A Cyprus company is a Limited Liability Company (Ltd) by shares, which, as defined in the Cyprus Company Law Chapter 113, is ‘a company having the liability of its members limited by the memorandum to the amount, if any, unpaid on shares respectively held by them’. Further as an international business entity, a Cyprus company can provide a tax-efficient way to conduct international business accompanied by several other advantages as subsequently stated. The type of the company formed is that of an International Business Company (IBC) with the incorporation process taking 7 to 10 days.
GFA TRUST have inhouse qualified lawyers at the office in Cyprus for a fast and professional formation service. Our firm is fully controlled and operated through qualified lawyers and thus a professional, quality and trust worthy service is guaranteed.

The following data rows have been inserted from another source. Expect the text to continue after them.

Lemma sat_only_free {V : vocab} (s : structure V D) x (p : form V) e1 e2 d :
  only_free x p -> (sat s (upd e1 x d) p <-> sat s (upd e2 x d) p).
Proof. by move=> Hp; apply: sat_agree => y /Hp ->; rewrite !upd_same. Qed.

Lemma eval_tsubst {V : vocab} (s : structure V D) x c (t : term V) e :
  eval s e (tsubst x c t) = eval s (upd e x (eval s e c)) t.
Proof.
  elim: t => [y|n f a IH] /=; first by unfold upd; case: (Nat.eqb x y).
  f_equal; exact: functional_extensionality.
Qed.

Lemma sat_fsubst {V : vocab} (s : structure V D) x c :
  (forall e1 e2, eval s e1 c = eval s e2 c) ->
  forall p e, sat s e (fsubst x c p) <-> sat s (upd e x (eval s e c)) p.
Proof.
  move=> Hc; elim=>
    [||u1 u2|n r a|p IH|p IHp q IHq|p IHp q IHq|p IHp q IHq|y p IH|y p IH] e /=;
    try tauto.
  - by rewrite !eval_tsubst.
  - by have -> : (fun i => eval s e (tsubst x c (a i))) =
                 (fun i => eval s (upd e x (eval s e c)) (a i))
      by apply functional_extensionality => i; apply: eval_tsubst.
  - by rewrite IH.
  - by rewrite IHp IHq.
  - by rewrite IHp IHq.
  - by rewrite IHp IHq.
  - case: (Nat.eqb_spec x y) => [<-|Hxy] /=; first by setoid_rewrite upd_shadow.
    setoid_rewrite IH; setoid_rewrite (Hc _ e).
    by setoid_rewrite (upd_comm _ _ _ _ _ (not_eq_sym Hxy)).
  - case: (Nat.eqb_spec x y) => [<-|Hxy] /=; first by setoid_rewrite upd_shadow.
    setoid_rewrite IH; setoid_rewrite (Hc _ e).
    by setoid_rewrite (upd_comm _ _ _ _ _ (not_eq_sym Hxy)).
Qed.

End Semantics.

Record error_trace {V : vocab} {D : Type} (P : sproblem V) (k : nat)
    (s : nat -> structure V D) : Prop := ErrorTrace {
  trace_init : models (s 0) (sp_init P);
  trace_bad : models (s k) (sp_bad P);
  trace_step : forall i, i < k -> is_transition (sp_trans P) (s i) (s (S i))
}.

Lemma safeP {V : vocab} (P : sproblem V) :
  safe P <-> forall D (s : nat -> structure V D) k, inhabited D -> ~ error_trace P k s.
Proof.
  split=> [HP D s k HD [H0 Hk Hs] | HP [D [HD [k [s [H0 [Hk Hs]]]]]]].
  - by apply: HP; exists D, HD, k, s.
  - by apply: (HP D s k HD); split.
Qed.

Lemma inductive_invariant {V : vocab} {D : Type} (iota : form V) tau phi
    (s : nat -> structure V D) k :
  inhabited D -> entails iota phi -> entails (FAnd (unprimed phi) tau) (primed phi) ->
  models (s 0) iota -> (forall i, i < k -> is_transition tau (s i) (s (S i))) ->
  forall i, i <= k -> models (s i) phi.
Proof.
  move=> HD Hinit Hstep H0 Hs; elim=> [|i IH] Hik e; first exact: (Hinit D HD (s 0) e (H0 e)).
  apply/(sat_primed (s i)); apply: (Hstep D HD _ e); split.
  - by apply/sat_unprimed; apply: IH; lia.
  - by apply: Hs; lia.
Qed.

Lemma safe_Ind {V : vocab} (iota : form V) tau phi :
  entails iota phi -> entails (FAnd (unprimed phi) tau) (primed phi) ->
  safe (SP iota tau (FNot phi)).
Proof.
  move=> Hinit Hstep; apply/safeP => D s k [d] [H0 Hk Hs].
  have Hinv := inductive_invariant iota tau phi s k (inhabits d) Hinit Hstep H0 Hs.
  exact: (Hk (fun _ => d) (Hinv k (le_n k) _)).
Qed.

Lemma safe_Cons {V : vocab} (iota : form V) tau beta phi :
  entails phi (FNot beta) -> safe (SP iota tau (FNot phi)) -> safe (SP iota tau beta).
Proof.
  move=> Hphi /safeP Hsafe; apply/safeP => D s k HD [H0 Hk Hs].
  apply: (Hsafe D s k HD); split=> // e He.
  by case: HD => d; apply: (Hphi D (inhabits d) (s k) e He); apply: Hk.
Qed.

Lemma safe_Inc {V : vocab} (iota : form V) tau beta phi :
  closed phi ->
  safe (SP iota tau (FNot phi)) ->
  safe (SP (FAnd iota phi) (FAnd (FAnd tau (unprimed phi)) (primed phi)) (FAnd beta phi)) ->
  safe (SP iota tau beta).
Proof.
  move=> Hphi /safeP Hviol /safeP Hstr; apply/safeP => D s k HD [H0 Hk Hs].
  case: (classic (exists j, j <= k /\ ~ models (s j) phi)) => [[j [Hjk Hj]] | Hnone].
  - apply: (Hviol D s j HD); split.
    + exact: H0.
    + by move=> e He; apply: Hj => e'; apply/(sat_closed _ _ e' e Hphi).
    + by move=> i Hij; apply: Hs; lia.
  - have Hall j : j <= k -> models (s j) phi.
      by move=> Hjk; apply: NNPP => Hj; apply: Hnone; exists j.
    apply: (Hstr D s k HD); split=> [e|e|i Hik e] /=.
    + by split; [apply: H0 | apply: Hall; lia].
    + by split; [apply: Hk | apply: Hall].
    + split; first split.
      * exact: Hs.
      * by apply/sat_unprimed; apply: Hall; lia.
      * by apply/sat_primed; apply: Hall; lia.
Qed.

Lemma safe_Rev {V : vocab} (iota : form V) tau beta :
  safe (SP beta (tinv tau) iota) -> safe (SP iota tau beta).
Proof.
  move=> /safeP Hsafe; apply/safeP => D s k HD [H0 Hk Hs].
  apply: (Hsafe D (fun i => s (k - i)) k HD); split=> /=.
  - by rewrite Nat.sub_0_r.
  - by rewrite Nat.sub_diag.
  - move=> i Hik e; apply/sat_tinv.
    by rewrite (_ : k - i = S (k - S i)); [lia | apply: Hs; lia].
Qed.

Section Prophecy.

Context {V : vocab} {D : Type} (x : nat) (phi : form V).

Definition const_struct (d : D) : structure vconst D :=
  Struct vconst D (fun _ _ _ => d) (fun _ _ _ => False).

(** The only relation symbol of [vunrel] is unary, so quantifying over its
    argument positions just reads off its argument. *)
Definition unrel_struct (M : D -> Prop) : structure vunrel D :=
  Struct vunrel D (fun n f => match f with end) (fun _ _ a => forall z, M (a z)).

Definition models_at (A : structure V D) (d : D) : Prop :=
  forall e, sat A (upd e x d) phi.

Lemma models_at_of_sat (A : structure V D) e d :
  only_free x phi -> sat A (upd e x d) phi -> models_at A d.
Proof. by move=> Hphi He e'; apply/(sat_only_free A x phi e' e d Hphi). Qed.

Lemma sat_phi_wconst (A : structure V D) d e :
  sat (sum_struct A (const_struct d)) e (fsubst x (wconst V) (fren (vinl V vconst) phi))
  <-> sat A (upd e x d) phi.
Proof.
  rewrite (sat_fsubst (sum_struct A (const_struct d)) x (wconst V) (fun _ _ => eq_refl d)).
  exact: sat_fren (reduct_inl A (const_struct d)) phi _.
Qed.

Lemma sat_matom (A : structure V D) M e :
  sat (sum_struct A (unrel_struct M)) e (matom V x) <-> M (e x).
Proof. by split=> [H | H _]; [apply: (H Fin.F1) | exact: H]. Qed.

Context (P : sproblem V) (k : nat) (s : nat -> structure V D).

Lemma reduct_pair_sum {W : vocab} i (B B' : structure W D) :
  reduct (vpair (vinl V W)) (pairS (sum_struct (s i) B) (sum_struct (s (S i)) B'))
    (pairS (s i) (s (S i))).
Proof. exact: reduct_vpair (reduct_inl _ _) (reduct_inl _ _). Qed.

Definition phi_upto (i : nat) (d : D) : Prop := forall j, j <= i -> models_at (s j) d.

Lemma error_trace_proph_w d :
  error_trace P k s -> phi_upto k d ->
  error_trace (proph_w P x phi) k (fun i => sum_struct (s i) (const_struct d)).
Proof.
  move=> [H0 Hk Hs] Hd; split=> [e|e|i Hik e].
  - split; first exact/(sat_fren (reduct_inl _ _)).
    by apply/sat_phi_wconst; apply: Hd; lia.
  - split; first exact/(sat_fren (reduct_inl _ _)).
    by apply/sat_phi_wconst; apply: Hd.
  - split; first split; first split.
    + by apply/sat_unprimed/sat_phi_wconst; apply: Hd; lia.
    + by apply/(sat_fren (reduct_pair_sum _ _ _)); apply: Hs.
    + by [].
    + by apply/sat_primed/sat_phi_wconst; apply: Hd; lia.
Qed.

Lemma error_trace_proph_sound :
  only_free x phi -> error_trace P k s -> ~ (exists d, phi_upto k d) ->
  error_trace (proph_sound P x phi) k (fun i => sum_struct (s i) (unrel_struct (phi_upto i))).
Proof.
  move=> Hphi [H0 Hk Hs] Hnone; split=> [e|e|i Hik e].
  - split; first exact/(sat_fren (reduct_inl _ _)).
    move=> d /(sat_fren (reduct_inl _ _)) Hd; apply/sat_matom; rewrite upd_same.
    move=> j Hj; rewrite (_ : j = 0); first lia.
    exact: models_at_of_sat Hphi Hd.
  - split; first exact/(sat_fren (reduct_inl _ _)).
    move=> d _ /sat_matom; rewrite upd_same => Hd.
    by apply: Hnone; exists d.
  - split; first by apply/(sat_fren (reduct_pair_sum _ _ _)); apply: Hs.
    intros d [[Hm _] Hd].
    move: Hm Hd => /sat_unprimed/sat_matom Hm /sat_primed/(sat_fren (reduct_inl _ _)) Hd.
    apply/sat_primed/sat_matom; rewrite upd_same in Hm *.
    move=> j Hj; case: (Nat.eq_dec j (S i)) => [-> | Hji].
    + exact: models_at_of_sat Hphi Hd.
    + by apply: Hm; lia.
Qed.

End Prophecy.

Lemma safe_Proph {V : vocab} (P : sproblem V) x phi :
  only_free x phi -> safe (proph_sound P x phi) -> safe (proph_w P x phi) -> safe P.
Proof.
  move=> Hphi /safeP Hsound /safeP Hw; apply/safeP => D s k HD Htr.
  case: (classic (exists d, phi_upto x phi s k d)) => [[d Hd] | Hnone].
  - exact: (Hw _ _ _ HD (error_trace_proph_w _ _ _ _ _ _ Htr Hd)).
  - exact: (Hsound _ _ _ HD (error_trace_proph_sound _ _ _ _ _ Hphi Htr Hnone)).
Qed.

Lemma FBPI_sound {V : vocab} (P : sproblem V) : FBPI_proof P -> safe P.
Proof.
  elim=> {V P}.
  - by move=> V iota tau phi _ _ Hinit Hstep; apply: safe_Ind.
  - by move=> V iota tau beta phi _ _ Hphi _ Hsafe; apply: safe_Cons Hsafe.
  - by move=> V iota tau beta phi _ Hphi _ Hviol _ Hstr; apply: safe_Inc Hviol Hstr.
  - by move=> V iota tau beta _ _ Hsafe; apply: safe_Rev.
  - by move=> V P x phi _ Hphi _ Hsound _ Hw; apply: safe_Proph Hsound Hw.
Qed.

Theorem theorem5p4 (V : vocab) (P : sproblem V) :
  is_sproblem P -> FBPI_proof P -> safe P.
Proof. by move=> _; apply: FBPI_sound. Qed.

Cyprus’ jurisdiction has a corporate tax rate of 12, 5%, which is categorized among the lowest rates in the European Union. Dividends paid to a Cyprus resident company are exempted from corporation tax, regardless from the source of origin i.e. whether they are received from a foreign company (subject to certain conditions) or another Cypriot legal entity. Furthermore no withholding tax is imposed on dividends deriving from the process of repatriation to a non-resident shareholder either natural person or legal entity.
The Cypriot jurisdiction is unquestionably advantageous for holding companies, which satisfy certain minimum requirements, as they can be established with 0% tax rate on dividends.
Further to the above a company incorporated in the Republic of Cyprus can benefits from double taxation treaties, with almost 60 countries, and can also proceed with liquidation of the Cypriot Holding Company itself with no capital gains or income tax. Last but not least re-organisations, mergers, de-mergers, exchange of shares and transfers of shares are made without any taxation.
Further to the above, the jurisdiction’s Local Requirements are limited to the existence of a Registered Office/Registered Agent which/who is to be located in the Republic of Cyprus. It is obligatory for the company to have a Secretary which can be a non-Cyprus resident, or a legal entity, established outside of the Republic of Cyprus. There is no legal obligation that the meetings of the company take place in the Republic of Cyprus, as the location of the Board Meetings, can be placed anywhere in the world as also the company’s administration. The minimum number of Directors and Shareholders is 1.
Public filings are a pre-requisite for the Director(s) and Shareholder(s) of the company and not for the Ultimate Beneficial Owner(s). Furthermore, in connection to the Annual Filing Requirements, there exists both the obligation for the submission of the company’s Annual Return and Audited Accounts.
Whereas the issuance of bearer shares is non-acceptable, company re-domiciliation is permitted, as also, the acquiring of shelf companies and the appointment of Corporate Directors.